In addition, we obtained common names and taxonomic information of seized taxa from the GBIF (Global Biodiversity Information Facility) taxonomic database.
Data format Raw and filtered
Parameters for data collection This dataset comprises of the identity of the taxa involved in wildlife seizures, along with their intended use-type (e.g., live, medicine, meat), dated between January 1, 2010 to December 31, 2019.
Description of data collection and data source location We accessed wildlife seizures from the following global wildlife trade databases:
  (i) The TRAFFIC International Wildlife Trade Portal, using their website     (https://www.wildlifetradeportal.org/).
  (ii) CITES trade database, using their website (https://trade.cites.org/)
  (iii)  LEMIS trade database, from Freedom of Information Act requests to
     the United States government.
We resolved taxonomic names using the GBIF (https://www.gbif.org/) taxonomic database. We accessed and collected upstream taxonomic information (e.g., Family, Order, Class) and common names of seized wildlife from GBIF.
Data accessibility Data is hosted in a public repository.
Repository name: figshare
Direct URL to data: https://figshare.com/articles/dataset/Dataset_of_seized_wildlife_and_their_intended_uses/14914773

Value of the Data

  • The illegal wildlife trade (IWT) presents a suite of biosecurity, welfare, and conservation concerns. Increasingly, IWT occurs on the Internet and researchers are seeking ways to find and quantify IWT. Our dataset provides a comprehensive list of taxa involved in IWT (c. 3.3k species), their common names, and their intended usage. This dataset can be used to generate keywords to search the Internet (e-commerce marketplaces, social media, and dark web) to locate IWT.

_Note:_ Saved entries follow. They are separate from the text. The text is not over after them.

Lemma bar_mul_of_idem_closed x y xb yb :
  idem_closed -> is_bar mul S0 x xb -> is_bar mul S0 y yb ->
  is_bar mul S0 (x ** y) (xb ** yb).
Proof.
  intros Hclosed Hx Hy.
  destruct (is_barP Hx) as [e1 f1 p1 q1 Sxb Sp1 Ip1 _ _ p1e1 p1xb
                            Sq1 Iq1 If1 q1f1 f1q1 xbq1 Ex].
  destruct (is_barP Hy) as [e2 f2 p2 q2 Syb Sp2 Ip2 Ie2 e2p2 p2e2 p2yb
                            Sq2 Iq2 _ _ f2q2 ybq2 Ey].
  assert (Hswap : f1 ** e2 = p2 ** q1)
    by exact (idem_closed_mul_swap Sp2 Ip2 Ie2 e2p2 p2e2 Sq1 Iq1 If1 q1f1 f1q1 Hclosed).
  assert (Hmid : xb ** (f1 ** e2) ** yb = xb ** yb).
  { rewrite Hswap, (@S0_idem_comm p2 q1), assoc, xbq1, <- assoc, p2yb; auto. }
  assert (Hxy : x ** y = e1 ** (xb ** yb) ** f2).
  { rewrite Ex, Ey, <- Hmid, !assoc; reflexivity. }
  rewrite Hxy; apply (is_bar_sandwich Sp1 Ip1 p1e1 Sq2 Iq2 f2q2).
  - exact (S0_mul Sxb Syb).
  - rewrite assoc, p1xb; reflexivity.
  - rewrite <- assoc, ybq2; reflexivity.
Qed.

Section Multiplicative.
Hypothesis Hmult : forall x y xb yb,
  is_bar mul S0 x xb -> is_bar mul S0 y yb -> is_bar mul S0 (x ** y) (xb ** yb).

Lemma S0_sandwich_bar s t z zb :
  S0 s -> S0 t -> is_bar mul S0 z zb -> s ** z ** t = s ** zb ** t.
Proof.
  intros Ss St Hz.
  exact (is_bar_unique (is_bar_S0 (Hqi z Ss St))
           (Hmult (Hmult (is_bar_S0 Ss) Hz) (is_bar_S0 St))).
Qed.

Lemma is_bar_idem e a : idem mul e -> is_bar mul S0 e a -> idem mul a.
Proof.
  intros Ie Ha.
  pose proof (Hmult Ha Ha) as Haa.
  rewrite Ie in Haa; exact (is_bar_unique Haa Ha).
Qed.

Lemma idem_closed_of_bar_mul : idem_closed.
Proof.
  intros e f Ie If.
  destruct (is_bar_exists e) as [a Ha]; pose proof (is_bar_idem Ie Ha) as Ia.
  destruct (is_bar_exists f) as [b Hb]; pose proof (is_bar_idem If Hb) as Ib.
  destruct (is_barP Ha) as [g1 h1 p1 q1 Sa Sp1 Ip1 _ g1p1 p1g1 p1a
                            Sq1 Iq1 _ q1h1 h1q1 aq1 Ee].
  destruct (is_barP Hb) as [g2 h2 p2 q2 Sb Sp2 Ip2 _ g2p2 p2g2 p2b
                            Sq2 Iq2 _ q2h2 h2q2 bq2 Ef].
  pose proof (is_bar_absorb_r Sq1 Iq1 q1h1 h1q1) as Bh1.
  pose proof (is_bar_absorb_l Sp1 Ip1 g1p1 p1g1) as Bg1.
  pose proof (is_bar_absorb_r Sq2 Iq2 q2h2 h2q2) as Bh2.
  pose proof (is_bar_absorb_l Sp2 Ip2 g2p2 p2g2) as Bg2.
  set (u := a ** b).
  assert (Su : S0 u) by exact (S0_mul Sa Sb).
  assert (Iu : idem mul u) by exact (S0_idem_mul Sa Sb Ia Ib).
  assert (Hmid1 : a ** (h1 ** g2) ** b = u).
  { rewrite (S0_sandwich_bar Sa Sb (Hmult Bh1 Bg2)), assoc, aq1, <- assoc, p2b.
    reflexivity. }
  assert (Hmid2 : u ** (h2 ** g1) ** u = u).
  { assert (uq2 : u ** q2 = u) by (unfold u; rewrite <- assoc, bq2; reflexivity).
    assert (p1u : p1 ** u = u) by (unfold u; rewrite assoc, p1a; reflexivity).
    rewrite (S0_sandwich_bar Su Su (Hmult Bh2 Bg1)), assoc, uq2, <- assoc, p1u.
    exact Iu. }
  assert (Eef : e ** f = g1 ** u ** h2).
  { rewrite Ee, Ef, <- Hmid1, !assoc; reflexivity. }
  unfold idem; rewrite Eef.
  transitivity (g1 ** (u ** (h2 ** g1) ** u) ** h2).
  - rewrite !assoc; reflexivity.
  - rewrite Hmid2; reflexivity.
Qed.

End Multiplicative.
End Transversal.
End Semigroup.

Theorem proposition2p7 (T : Type) (mul : T -> T -> T)
  (assoc : forall a b c, mul a (mul b c) = mul (mul a b) c)
  (S0 : T -> Prop)
  (Habund : abundant mul)
  (Htrans : adequate_transversal mul S0)
  (Hqi : quasi_ideal mul S0) :
  quasi_adequate mul <->
  (forall x y xb yb, is_bar mul S0 x xb -> is_bar mul S0 y yb ->
     is_bar mul S0 (mul x y) (mul xb yb)).
Proof.
  split.
  - intros [_ Hclosed] x y xb yb.
    exact (bar_mul_of_idem_closed assoc Htrans Hqi Hclosed).
  - intros Hmult; split; [exact Habund |].
    exact (idem_closed_of_bar_mul assoc Htrans Hqi Hmult).
Qed.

  • Resources and tools that assist in the detection of IWT are beneficial to researchers, law enforcement, and organizations interested in finding, and combatting, IWT. This dataset will be useful for researchers in academic institutions, government agencies, and non-profit organisations for searching and locating IWT occurring on the Internet. Ultimately, if IWT is found on the Internet, this information can assist law enforcement to find and prosecute suspects and help organizations efficiently target consumer-demand reduction campaigns, as well as gauge the extent of IWT on specific internet platforms.

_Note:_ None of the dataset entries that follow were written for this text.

Lemma expN_riemann_sum_ge (h : R) K : 0 < h ->
  1 - h - expR (- h) ^+ K <= h * \sum_(k < K) expR (- h) ^+ k.+1.
Proof.
move=> h_gt0; set r := expR (- h).
have r_gt0 : 0 < r := expR_gt0 _.
have r_ge : 1 - h <= r by have := expR_ge1Dx (- h); rewrite /r; lra.
have r_le1 : r <= 1 by rewrite /r -[leRHS]expR0 ler_expR; lra.
have telescope : (1 - r) * \sum_(k < K) r ^+ k.+1 = r - r ^+ K.+1.
  elim: K => [|K IH]; first by rewrite big_ord0 mulr0 expr1 subrr.
  by rewrite big_ord_recr /= mulrDr IH !exprS; ring.
have sum_ge0 : 0 <= \sum_(k < K) r ^+ k.+1.
  by apply: sumr_ge0 => k _; exact: exprn_ge0 (ltW r_gt0).
have rK_ge0 : 0 <= r ^+ K := exprn_ge0 K (ltW r_gt0).
have rK_le1 : r ^+ K <= 1 by rewrite exprn_ile1 // ltW.
have : (1 - r) * \sum_(k < K) r ^+ k.+1 <= h * \sum_(k < K) r ^+ k.+1.
  by rewrite ler_wpM2r //; lra.
rewrite telescope exprS; nra.
Qed.

Lemma riemann_levels_ge (dl : R) K : 0 < dl -> 16 <= K%:R * dl ^+ 2 ->
  1 - dl <= dl / 4 * \sum_(k < K) (expR (- (dl / 4)) ^+ k.+1 - K%:R^-1).
Proof.
move=> dl_gt0 K_ge; set h := dl / 4.
have h_gt0 : 0 < h by rewrite divr_gt0.
have K_gt0 : 0 < K%:R :> R.
  by rewrite -(@pmulr_lgt0 _ (dl ^+ 2)) ?exprn_gt0 //; lra.
have tail : expR (- h) ^+ K <= h.
  rewrite -expRM_natl mulrN; apply: le_trans (expRN_le_inv (mulr_gt0 K_gt0 h_gt0)) _.
  rewrite -div1r ler_pdivrMr ?mulr_gt0 // /h; rewrite expr2 in K_ge; nra.
have := expN_riemann_sum_ge K h_gt0.
rewrite big_split /= sumrN sumr_const card_ord -[_ *+ K]mulr_natl mulfV ?gt_eqF // mulrBr mulr1.
by rewrite /h in tail *; lra.
Qed.

End level_sums.

Section exponential_arrivals.
Context {R : realType} {dm : measure_display} {Omega : measurableType dm}
  (P : probability Omega R) (X : nat -> {RV P >-> R}).
Hypotheses (X_exp : forall n, distribution P (X n) = exponential_prob (1 : R))
  (indX : mutually_independent P X).

Lemma ae_eventually_arrival_ge (dl : R) : 0 < dl ->
  {ae P, forall w, \forall n \near \oo, (1 - dl) * n%:R <= arrival (X ^~ w) n}.
Proof.
move=> dl_gt0; set h := dl / 4.
have h_gt0 : 0 < h by rewrite divr_gt0.
pose K := (Num.truncn (16 / dl ^+ 2)).+1.
have K_ge : 16 <= K%:R * dl ^+ 2.
  by have := truncnS_gt (16 / dl ^+ 2); rewrite ltr_pdivrMr ?exprn_gt0 // => /ltW.
have K_gt0 : 0 < K%:R :> R by [].
have level (k : 'I_K) : {ae P, forall w, \forall n \near \oo,
    (expR (- h) ^+ k.+1 - K%:R^-1) * n%:R
      <= \sum_(j < n) (nat_of_bool (k.+1%:R * h < X j w))%:R}.
  have c_gt0 : 0 < k.+1%:R * h by rewrite mulr_gt0.
  have -> : expR (- h) ^+ k.+1 = expR (- 1 * (k.+1%:R * h)).
    by rewrite mulN1r -expRM_natl mulrN.
  apply: (ae_eventually_frequency_ge (E := fun j w => k.+1%:R * h < X j w)).
  - by rewrite expR_ge0 /= -[leRHS]expR0 ler_expR mulN1r oppr_le0 ltW.
  - exact: exponential_pattern_prob.
  - by rewrite invr_gt0.
have X_ge0 : {ae P, forall w j, 0 <= X j w}.
  apply: ae_foralln => j; exists (X j @^-1` [set` `]-oo, 0[%R]); split.
  - exact: measurable_preimage_RV (measurable_itv _).
  - exact: etrans (prob_preimage_RV X_exp j (measurable_itv _))
      (exponential_prob_itvNy0 _).
  - by move=> w /= /negP; rewrite -ltNge in_itv /=.
move: (filter_forall (ae_filter_ringOfSetsType P) level) X_ge0.
apply: filterS2 => w /filter_forall levels X_ge0_w.
apply: filterS levels => n levels_n.
apply: (@le_trans _ _ (h * \sum_(k < K) \sum_(j < n)
    (nat_of_bool (k.+1%:R * h < X j w))%:R)); last first.
  rewrite exchange_big mulr_sumr; apply: ler_sum => j _; exact: level_count_le.
apply: (@le_trans _ _ (h * \sum_(k < K) (expR (- h) ^+ k.+1 - K%:R^-1) * n%:R)).
  by rewrite -mulr_suml mulrA ler_wpM2r // riemann_levels_ge.
apply: ler_wpM2l; first exact: ltW.
by apply: ler_sum => k _; exact: levels_n.
Qed.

  • Our dataset will be most useful for non-targeted sweeps of the Internet for IWT (i.e., looking for any illegal trade, not of a single species or product). However, our dataset can be filtered to create more targeted searches (e.g., all species of birds whose feathers were seized). Further, our dataset can be used to explore taxonomic trends and biases in wildlife seizures and provide a baseline for comparisons with future analogous data.

1. Data Description

The presented data covers the illegal trade (i.e., wildlife seizures; [1]) of 4,899 distinct taxa across three kingdoms (Fig. 1). The most diverse taxonomic kingdom was Animalia (n = 4,026 taxa), followed by Plantae (n = 871), then Fungi (n = 2). We identified c. 71% of the taxa to the level of species (or more specific) and c. 95% of taxa to the level of genus (Table 1). In total, our dataset represents 3,361 species. We used GBIF (Global Biodiversity Information Facility) to standardize taxonomy and obtain upstream taxonomic information [2].

Fig. 1.

Fig 1

Diversity of wildlife taxa illegally traded as reported in the databases of CITES, LEMIS and TRAFFIC. Widths of bars correspond to the number of taxa in each taxonomic group. The leftmost column displays the taxonomic kingdom, the middle column displays the phylum, and right column displays the order. Taxonomic orders with less than 10 taxa are not displayed.

Table 1.

Taxa in this dataset are stratified by their taxonomic rank. Each wildlife seizure record is accompanied by a name for the taxon that was seized. For each record, we identified the taxon to the most specific taxonomic rank possible. Thus, the ‘Number of taxa’ column represents the number of taxa for the specified rank only, and not the total number of taxa identified to that rank. For example, there were 3,340 taxa identified to the rank of species, however, 159 taxa were identified as more specific than species (variety and subspecies). Of those 159 taxa, 21 had not been recorded at the species level as seized, thus, 3,361 species (3,340 + 21) are present in this dataset.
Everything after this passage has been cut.